Yeah i got their email and packet for the RFP 3 weeks ago,I just cant sub out the work for those prices.I use to work for them some time ago,but quit.i never replied back to the email, they know my company and they know the work i df course they asked me not to quit but i couldn't do their prices.2 weeks went by and i got another email that stated do to the over whelming response they have received their having technical issues with their email and servers and would please re-apply for their RFP again.

The second email threw up red flags... they must be having trouble in my state finding people to do their work.


----------



## mike2153 (Dec 11, 2012)

Zuse said:


> Yeah i got their email and packet for the RFP 3 weeks ago,I just cant sub out the work for those prices.I use to work for them some time ago,but quit.i never replied back to the email, they know my company and they know the work i df course they asked me not to quit but i couldn't do their prices.2 weeks went by and i got another email that stated do to the over whelming response they have received their having technical issues with their email and servers and would please re-apply for their RFP again.
> 
> The second email threw up red flags... they must be having trouble in my state finding people to do their work.


They use buczket or whatever there scam company is up here lawsuit coming against these clowns in NY


----------



## BPWY (Apr 12, 2012)

The last altisource job I did Pac Prez screwed up and sent me their paperwork, not my w/o.
Their bid for the job was $1900.

I got paid $900 for what I did, they got paid $1000 for shuffling some paper work. 

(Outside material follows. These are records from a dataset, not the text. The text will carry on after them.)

(* The extra l1-eigenfunction is h_{12} for an lN-eigenfunction h independent of g, normalized
   to vanish at a vertex of the first class where g does not. *)
Lemma mult_min_eigenvalue_gt : (0 < k)%N -> (1 < mult E phi lN)%N -> (k < mult E phi l1)%N.
Proof.
move=> k0 hmult.
have hLD : (L^T *m degmx)^T = L^T *m degmx by rewrite trmx_lapmx_degmx comb_lapmx_sym.
have [h [hh hne]] : exists h, h *m L^T = lN *: h /\ forall t, h != t *: g.
  by apply: mup_gt1_eigenvector degmx_sym hLD degmx_posdef g0 hg _; rewrite char_poly_trmx.
have [v0 cv0 gv0] := color_part_supp (gp_neq0 0).
pose h' := h - (h 0 v0 / g 0 v0) *: g.
have hh' : h' *m L^T = lN *: h'.
  by rewrite mulmxBl -scalemxAl hh hg scalerBr !scalerA mulrC.
have h'0 : h' != 0 by rewrite subr_eq0 hne.
have h'v0 : h' 0 v0 = 0 by rewrite !mxE divfK ?subrr.
have freeW := row_free_col_mx_color_diff_rows (Ordinal k0) (fun j => gp_neq0 (lift 0 j))
  cv0 gv0 h'v0 (color_part_neq0 hc hray l1_lt1 hrel hh' h'0 0).
rewrite /mult -char_poly_trmx; apply: (mup_char_poly_ge_eigenrows freeW).
rewrite mul_col_mx (color_part_sub_eigen hc hray hrel hh') scale_col_mx.
by congr col_mx; apply: color_diff_rows_eigen => i j; exact: gp_eigen.
Qed.

End EigenMultiplicity.

End Multiplicity.

End Hypergraph.

Lemma solve_relation (F : fieldType) (x a b : F) :
  x * (1 - a) = b - a -> x != 1 -> a = (x - b) / (x - 1).
Proof.
move=> h x1; have x10 : x - 1 != 0 by rewrite subr_eq0.
apply: (mulIf x10); rewrite divfK //.
have -> : b = x * (1 - a) + a by rewrite h subrK.
by ring.
Qed.

Theorem mainTheorem2 (R : realType) (N : nat) (E : {set {set 'I_N}})
  (phi : 'I_N -> {set 'I_N} -> int)
  (hG : is_oriented_hypergraph E phi)
  (hdeg1 : forall v, (0 < hdeg E v)%N)
  (hA : adjmx R E phi != 0)
  (chi : nat) (hchi : is_strong_chromatic_number E chi)
  (l1 lN : R) (hl1 : is_min_eigenvalue E phi l1) (hlN : is_max_eigenvalue E phi lN)
  (hrel : chi%:R = (lN - l1) / (1 - l1)) :
  (forall (g : 'I_N -> R), is_eigenfunction E phi g lN ->
   forall (c : 'I_N -> 'I_chi), proper_strong_coloring E c ->
     (forall i : 'I_chi, exists v, c v = i /\ g v != 0) /\
     (forall i j : 'I_chi, (i < j)%N -> Sg E phi c g i j < 0) /\
     (forall i j : 'I_chi, (i < j)%N ->
        RQ E phi (gij c g i j) = l1 /\ l1 = (chi%:R - lN) / (chi%:R - 1) /\
        is_eigenfunction E phi (gij c g i j) l1)) /\
  l1 = (chi%:R - lN) / (chi%:R - 1) /\
  (chi.-1 <= mult E phi l1)%N /\
  ((1 < mult E phi lN)%N -> (chi.-1 < mult E phi l1)%N).
Proof.
have [v _] := matrix0Pn _ hA.
case: chi hchi hrel => [|k] [[c0 hc0] _] hrel; first by case: (c0 v).
have k0 : (0 < k)%N := proper_coloring_gt1 hc0 hA.
have hray := min_eigenvalue_rayleigh hdeg1 (leq_ltn_trans (leq0n v) (ltn_ord v)) hl1.
have l1_lt1 := min_eigenvalue_lt1 hdeg1 hA hray.
have hrel' : k.+1%:R * (1 - l1) = lN - l1.
  by rewrite hrel divfK // subr_eq0 gt_eqF.
have l1E : l1 = (k.+1%:R - lN) / (k.+1%:R - 1).
  by apply: (solve_relation hrel'); rewrite pnatr_eq1 -lt0n.
have [g hg g0] : exists2 g : 'rV_N, g *m (lapmx R E phi)^T = lN *: g & g != 0.
  by apply/eigenvalueP; rewrite eigenvalue_trmx; exact: hlN.1.
split=> [g' hg' c hc|]; last split=> //.
  have [supp hS hRQ] := eigenfunction_color_classes hdeg1 hc hray l1_lt1 hrel' hg'.
  have ltn_neq (i j : 'I_k.+1) : (i < j)%N -> i != j by move/ltn_eqF/negbT.
  split=> //; split=> i j /ltn_neq ij; first exact: hS.
  by have [? ?] := hRQ i j ij.
rewrite succnK; split; first exact: (mult_min_eigenvalue_ge hdeg1 hc0 hray l1_lt1 hrel' hg g0).
exact: (mult_min_eigenvalue_gt hdeg1 hc0 hray l1_lt1 hrel' hg g0 k0).
Qed.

Lets get this straight, I do all the work in a nasty house, with 30 yards debris and they do nothing but shuffle paper in a temperature controlled office and get paid MORE than I do?????
Some thing is wrong with this picture. I quit them after that.


----------



## SwiftRes (Apr 12, 2012)

With a place like them you take the good with the bad. While their CYD may be low, I'll take their $200 winterizations all day. Bid approvals are usually pretty good too.


----------